The firm, for instance, entered into a 2016 pact in which PayPal Holdings Inc. agreed to make it easier for customers to use Visa cards. "It took a lot of courage on his part," PayPal CEO Dan Schulman said. "The prevailing opinion at the time was that PayPal was going to be a disrupter of what banks were trying to go do as opposed to an ally."
Mr. Scharf abruptly resigned from San Francisco-based Visa after four years, saying he needed to be closer to family in New York.
He took the top job at BNY Mellon in 2017. Armed with a board mandate to reinvigorate the company's growth prospects, he slashed expenses, consolidated real estate and invested heavily in technology. He removed private offices and pushed to restrict staff from working at home.
The pace of change didn't endear him to many of the staid bank's employees. Investors are still waiting for the plan to produce meaningful revenue growth.
At Wells Fargo, the board was thrilled to land a banker with CEO experience after a number of top candidates were uninterested in the job. Mr. Scharf initially took a pass on the San Francisco-based bank but changed his mind when he was told he could continue to live in New York, The Wall Street Journal has reported.
Lawmakers, regulators and others have blasted Wells Fargo not just for the fake-account scandal but for executives' response to it in the three years since.
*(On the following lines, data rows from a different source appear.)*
Lemma C_l1_eq0_offdiag rho i j : C_l1 rho = 0 -> i != j -> rho i j = 0.
Proof.
move=> L0 ij; apply: ComplexField.Normc.eq0_normc.
have row_ge0 k : 0 <= \sum_(l | l != k) ComplexField.Normc.normc (rho k l).
  by apply: sumr_ge0 => l _; apply: normc_ge0.
have row_i := psumr_eq0P (fun k _ => row_ge0 k) L0 (i := i) isT.
by apply: (psumr_eq0P _ row_i) => [l _|]; [apply: normc_ge0 | rewrite eq_sym].
Qed.

Lemma Delta_id A : is_diag_mx A -> Delta A = A.
Proof.
move=> /is_diag_mxP A_diag; apply/matrixP => i j; rewrite !mxE.
by case: eqVneq => [->|ij]; rewrite ?mulr1n // mulr0n A_diag.
Qed.

End DensityMatrices.

Section DiagonalUnitaries.
Variables (R : realType) (n : nat).
Local Notation C := R[i].
Implicit Types (U W X Y rho tau : 'M[C]_n).

Lemma diag_mx_mulE U X W i j : is_diag_mx U -> is_diag_mx W ->
  (U *m X *m W) i j = U i i * X i j * W j j.
Proof.
move=> /is_diag_mxP U_diag /is_diag_mxP W_diag.
rewrite mxE (bigD1 j) //= big1 ?addr0 => [|k kj]; last by rewrite W_diag ?mulr0.
congr (_ * _); rewrite mxE (bigD1 i) //= big1 ?addr0 // => k ki.
by rewrite U_diag ?mul0r // eq_sym.
Qed.

Lemma is_diag_mx_trC U : is_diag_mx U -> is_diag_mx (U ^t*).
Proof.
move=> /is_diag_mxP U_diag; apply/is_diag_mxP => i j ij.
by rewrite !mxE U_diag ?conjC0 // eq_sym.
Qed.

Lemma diag_adj_mulE U X i j :
  is_diag_mx U -> (U ^t* *m X *m U) i j = (U i i)^* * X i j * U j j.
Proof. by move=> U_diag; rewrite diag_mx_mulE ?mxE // is_diag_mx_trC. Qed.

Lemma diag_mul_adjE U X i j :
  is_diag_mx U -> (U *m X *m U ^t*) i j = U i i * X i j * (U j j)^*.
Proof. by move=> U_diag; rewrite diag_mx_mulE ?mxE // is_diag_mx_trC. Qed.

Lemma diag_unitary_mulC U i : diag_unitary U -> U i i * (U i i)^* = 1.
Proof.
move=> [U_diag /unitarymxP UU]; have := congr1 (fun M : 'M[C]_n => M i i) UU.
rewrite !mxE eqxx /= => UUii; rewrite -[RHS]UUii.
rewrite (bigD1 i) //= big1 ?addr0 ?mxE // => k ki.
by rewrite (is_diag_mxP U_diag) ?mul0r // eq_sym.
Qed.

Lemma diag_unitary_norm U i : diag_unitary U -> `|U i i| = 1.
Proof.
move=> U_unitary; apply/eqP; rewrite -sqrp_eq1 ?normr_ge0 // normCK.
by rewrite diag_unitary_mulC.
Qed.

Definition fid_form U X : C :=
  ((phi_plus R n) ^t* *m U ^t* *m X *m U *m phi_plus R n) 0 0.

Lemma fid_valE rho U : fid_val rho U = complex.Re (fid_form U rho).
Proof. by []. Qed.

Lemma phi_plus_formE X :
  ((phi_plus R n) ^t* *m X *m phi_plus R n) 0 0 =
  (n%:R^-1)%:C * \sum_i \sum_j X i j.
Proof.
rewrite quad_formE mulr_sumr; apply: eq_bigr => i _.
rewrite mulr_sumr; apply: eq_bigr => j _.
rewrite !mxE geC0_conj ?ler0c ?invr_ge0 ?sqrtr_ge0 //.
by rewrite mulrC mulrA -rmorphM -expr2 exprVn sqr_sqrtr ?ler0n.
Qed.

Lemma fid_formE U X : is_diag_mx U ->
  fid_form U X = (n%:R^-1)%:C * \sum_i \sum_j (U i i)^* * X i j * U j j.
Proof.
move=> U_diag; rewrite /fid_form.
have -> : (phi_plus R n) ^t* *m U ^t* *m X *m U *m phi_plus R n =
    (phi_plus R n) ^t* *m (U ^t* *m X *m U) *m phi_plus R n by rewrite !mulmxA.
rewrite phi_plus_formE; congr (_ * _).
by apply: eq_bigr => i _; apply: eq_bigr => j _; rewrite diag_adj_mulE.
Qed.

Lemma fid_formD U X Y : fid_form U (X + Y) = fid_form U X + fid_form U Y.
Proof. by rewrite /fid_form mulmxDr !mulmxDl mxE. Qed.

Lemma fid_formZ U c X : fid_form U (c *: X) = c * fid_form U X.
Proof. by rewrite /fid_form -scalemxAr -!scalemxAl mxE. Qed.

Lemma fid_form_ge0 U X : psd X -> 0 <= fid_form U X.
Proof.
case=> _ X_ge0; have := X_ge0 (U *m phi_plus R n).
by rewrite trmx_mul map_mxM !mulmxA.
Qed.

Lemma fid_form_diag U X : diag_unitary U -> is_diag_mx X ->
  fid_form U X = (n%:R^-1)%:C * \tr X.
Proof.
move=> U_unitary /is_diag_mxP X_diag.
rewrite fid_formE; last by case: U_unitary.
congr (_ * _); apply: eq_bigr => i _.
rewrite (bigD1 i) //= big1 ?addr0 => [|j ji]; last first.
  by rewrite X_diag ?mulr0 ?mul0r // eq_sym.
by rewrite mulrAC [_^* * _]mulrC diag_unitary_mulC ?mul1r.
Qed.

Lemma norm_fid_form_le U X : diag_unitary U ->
  `|fid_form U X| <= (n%:R^-1)%:C * \sum_i \sum_j `|X i j|.
Proof.
move=> U_unitary; have n_inv_ge0 : 0 <= (n%:R^-1 : R)%:C.
  by rewrite ler0c invr_ge0 ler0n.
rewrite fid_formE; last by case: U_unitary.
rewrite normrM ger0_norm // ler_wpM2l //.
apply: le_trans (ler_norm_sum _ _ _) _; apply: ler_sum => i _.
apply: le_trans (ler_norm_sum _ _ _) _; apply: ler_sum => j _.
by rewrite !normrM norm_conjC !diag_unitary_norm // mul1r mulr1.
Qed.

Lemma Re_le_norm (z : C) : (complex.Re z)%:C <= `|z|.
Proof. by apply: le_trans (normc_ge_Re z); rewrite lecR ler_norm. Qed.

Lemma fid_val_le_l1 rho U : density rho -> diag_unitary U ->
  fid_val rho U <= (1 + C_l1 rho) / n%:R.
Proof.
move=> rho_density U_unitary; rewrite fid_valE -lecR.
apply: le_trans (Re_le_norm _) (le_trans (norm_fid_form_le _ U_unitary) _).
by rewrite sum_norm_density // -rmorphM mulrC.
Qed.

Lemma fid_val_le_robust rho U s tau : diag_unitary U -> 0 <= s -> psd tau ->
    incoherent (((1 + s)^-1)%:C *: (rho + s%:C *: tau)) ->
  fid_val rho U <= (1 + s) / n%:R.
Proof.
move=> U_unitary s_ge0 tau_psd [[_ tr_delta] delta_Delta].
set delta := _ *: _ in tr_delta delta_Delta.
have delta_diag : is_diag_mx delta by rewrite delta_Delta diag_mx_is_diag.
have rho_mix : rho = (1 + s)%:C *: delta + (- s%:C) *: tau.
  rewrite /delta scalerA -rmorphM mulfV ?scale1r ?scaleNr ?addrK //.
  by rewrite gt_eqF // ltr_wpDr.
have : fid_form U rho <= ((1 + s) / n%:R)%:C.
  rewrite {1}rho_mix fid_formD (fid_formZ _ _ delta) (fid_formZ _ _ tau).
  rewrite (fid_form_diag _ U_unitary delta_diag) tr_delta mulr1.
  by rewrite -rmorphM mulrC mulNr gerBl mulr_ge0 ?ler0c ?fid_form_ge0.
by rewrite fid_valE lecE => /andP[_].
Qed.

End DiagonalUnitaries.

Arguments fid_form {R n} U X.

Section NonnegativeUpToDiagonalPhase.
Variables (R : realType) (d : nat) (rho U : 'M[R[i]]_d).
Hypotheses (rho_density : density rho) (U_unitary : diag_unitary U).
Hypothesis rho_abs : forall i j, (U ^t* *m rho *m U) i j = `|rho i j|.

Local Notation L := (C_l1 rho).
Local Notation A := (\matrix_(i, j) `|rho i j| : 'M[R[i]]_d).
Local Notation D := (diag_mx (\row_i \sum_j A i j)).

Let U_diag : is_diag_mx U. Proof. by case: U_unitary. Qed.

Lemma rho_phaseE i j : rho i j = U i i * `|rho i j| * (U j j)^*.
Proof.
rewrite -rho_abs diag_adj_mulE // !mulrA diag_unitary_mulC // mul1r.
by rewrite -mulrA diag_unitary_mulC // mulr1.
Qed.

Lemma fid_val_abs : fid_val rho U = (1 + L) / d%:R.
Proof.
rewrite fid_valE; suff -> : fid_form U rho = ((1 + L) / d%:R)%:C by [].
rewrite fid_formE // rmorphM /= [RHS]mulrC -sum_norm_density //; congr (_ * _).
by apply: eq_bigr => i _; apply: eq_bigr => j _; rewrite -diag_adj_mulE.
Qed.

Lemma C_F_abs : C_F rho = (1 + L) / d%:R.
Proof.
apply: sup_eq_max; first by exists U; rewrite fid_val_abs.
by move=> _ [V [V_unitary ->]]; exact: fid_val_le_l1.
Qed.

Lemma abs_mx_sym i j : A i j = A j i.
Proof.
case: rho_density => -[rho_herm _] _.
have := congr1 (fun M : 'M[R[i]]_d => M j i) rho_herm.
by rewrite !mxE => <-; rewrite norm_conjC.
Qed.
(* Let $A=(Q,\Sigma,T,q_0,Q_a,Q_r,\delta)$ be a simplified QPA-structure with reduced transition function $\varphi$. Then its evolution operator $U_A$ is unitary if and only if all the following hold: (1) for all $(q_1,\sigma_1,\tau_1)\in Q\times\Gamma\times\Delta$: $\sum_{(q,\omega)\in Q\times\Delta^*}|\varphi(q_1,\sigma_1,\tau_1,q,\omega)|^2=1$; (2) for all triples $(q_1,\sigma_1,\tau_1)\ne(q_2,\sigma_1,\tau_2)$ in $Q\times\Gamma\times\Delta$: $\sum_{(q,\omega)\in Q\times\Delta^*}\varphi^*(q_1,\sigma_1,\tau_1,q,\omega)\varphi(q_2,\sigma_1,\tau_2,q,\omega)=0$; (3) for all $(q_1,\sigma_1,\tau_1,\tau_2)\in Q\times\Gamma\times\Delta^2$: $\sum_{(q,\tau,\omega)\in Q\times\Delta\times\{\varepsilon,\tau_2,\tau_1\tau_2\}}|\varphi(q,\sigma_1,\tau,q_1,\omega)|^2=1$; (4) for all $(q_1,\sigma_1,\tau_1),(q_2,\sigma_1,\tau_2)\in Q\times\Gamma\times\Delta$ and all $\tau_3\in\Delta$: (a) $\sum_{(q,\tau)\in Q\times\Delta}\varphi^*(q_1,\sigma_1,\tau_1,q,\tau)\varphi(q_2,\sigma_1,\tau_2,q,\tau_3\tau)+\sum_{q\in Q}\varphi^*(q_1,\sigma_1,\tau_1,q,\varepsilon)\varphi(q_2,\sigma_1,\tau_2,q,\tau_3)=0$ and (b) $\sum_{q\in Q}\varphi^*(q_1,\sigma_1,\tau_1,q,\varepsilon)\varphi(q_2,\sigma_1,\tau_2,q,\tau_2\tau_3)=0$.
   Context: $z^*$ is complex conjugate, $\varepsilon$ the empty word; an operator $U$ is unitary if $UU^*=U^*U=I$. A QPA-structure is a tuple $A=(Q,\Sigma,T,q_0,Q_a,Q_r,\delta)$ with $Q$ a finite set of states, $\Sigma$ a finite input alphabet, $T$ a finite stack alphabet, $q_0\in Q$, $Q_a,Q_r\subset Q$ disjoint, $\Gamma=\Sigma\cup\{\#,\$\}$ (end-markers not in $\Sigma$), $\Delta=T\cup\{Z_0\}$ ($Z_0\notin T$), and $\delta:Q\times\Gamma\times\Delta\times Q\times\{\downarrow,\to\}\times\Delta^*\to\mathbb{C}$ with values of modulus at most $1$, such that whenever $\delta(q,\alpha,\beta,q',d,\omega)\ne0$: $|\omega|\le2$; if $|\omega|=2$ then $\omega_1=\beta$; if $\beta=Z_0$ then $\omega\in Z_0T^*$; if $\beta\ne Z_0$ then $\omega\in T^*$. A configuration is $|\nu_i q_j\nu_k,\omega_l\rangle$ with $q_j\in Q$, $\nu_i\nu_k\in\#\Sigma^*\$$, input head on the first symbol of $\nu_k$, $\omega_l\in Z_0T^*$ the stack with head on its last symbol; $C$ is the set of configurations, $H_A=\ell_2(C)$. The evolution operator is defined on basis vectors: for $c=|\nu_i q_j\sigma\nu_k,\omega_l\tau\rangle$, $U_A|c\rangle=\sum_{(q,d,\omega)}\delta(q_j,\sigma,\tau,q,d,\omega)|f(c,d,q),\omega_l\omega\rangle$, where $f(c,\downarrow,q)=\nu_i q\sigma\nu_k$, $f(c,\to,q)=\nu_i\sigma q\nu_k$. The QPA-structure is simplified if there is a function $D:Q\to\{\downarrow,\to\}$ such that $\delta(q_1,\sigma,\tau,q,d,\omega)=0$ whenever $D(q)\ne d$; its reduced transition function is $\varphi(q_1,\sigma,\tau,q,\omega)=\delta(q_1,\sigma,\tau,q,D(q),\omega)$. *)

From HB Require Import structures.
From mathcomp Require Import all_boot all_order all_algebra.
Set Implicit Arguments. Unset Strict Implicit. Unset Printing Implicit Defensive.
Import Order.TTheory GRing.Theory Num.Theory.
Local Open Scope ring_scope.

(* Gamma = Sigma ∪ {#,$} : inl s = s, inr false = '#', inr true = '$'. *)
Definition Gam (Sigma : finType) : finType := (Sigma + bool)%type.
Definition lend (Sigma : finType) : Gam Sigma := inr false.
Definition rend (Sigma : finType) : Gam Sigma := inr true.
Wells Fargo has fired thousands of low-level branch employees, though even the bank's own board has questioned whether the junior staffers were really the ones to blame. The bank says it has held staffers at all levels accountable.
Across the firm, employees have been subject to constant reorganizations. Some have had new bosses or reporting lines every few months.
Mr. Scharf isn't shunning the old guard at Wells Fargo. He already sought advice from former executives including Mr. Sloan, people familiar with the matter said.
"We didn't always live up to our own standards and have not moved quickly enough to address our shortcomings," Mr. Scharf wrote in a Monday memo to employees. "We have the foundation to again be the most respected bank in the U.S. and the world."
The bank's board would be open to a shake-up of executive management, a person familiar with the matter said. Some top executives are company veterans, including Chief Financial Officer John Shrewsberry, payments executive Avid Modjtabai and wholesale bank head Perry Pelos.
On a call with analysts announcing his appointment, Mr. Scharf said his priority is resolving regulatory issues. The lender has no shortage of them: It recently had hundreds of private regulatory warnings known as "Matters Requiring Attention," people familiar with the matter said. Hiring staffers to help fix these issues has been costly and forced the bank to dial back expense-cutting targets. The bank recently put new restrictions on employee travel to try to save money.
The bank has also said it started discussions to settle a joint Justice Department and Securities and Exchange Commission probe into the fake-account scandal. Investigators have interviewed former executives including Mr. Sloan, people familiar with the matter said.
The bank's main business lines have also struggled, in part because the regulatory issues have distracted managers and rattled some customers.
Even in cities where Wells Fargo's branches have long dominated, like Denver, the bank is starting to lose deposit market share to rivals like Bank of America Corp. and JPMorgan.
The bank reported last week that third-quarter revenue fell in its consumer and commercial units. It rose in the wealth-management segment but only because of a one-time gain from the sale of a business.
--AnnaMaria Andriotis, David Benoit and Justin Baer contributed to this article.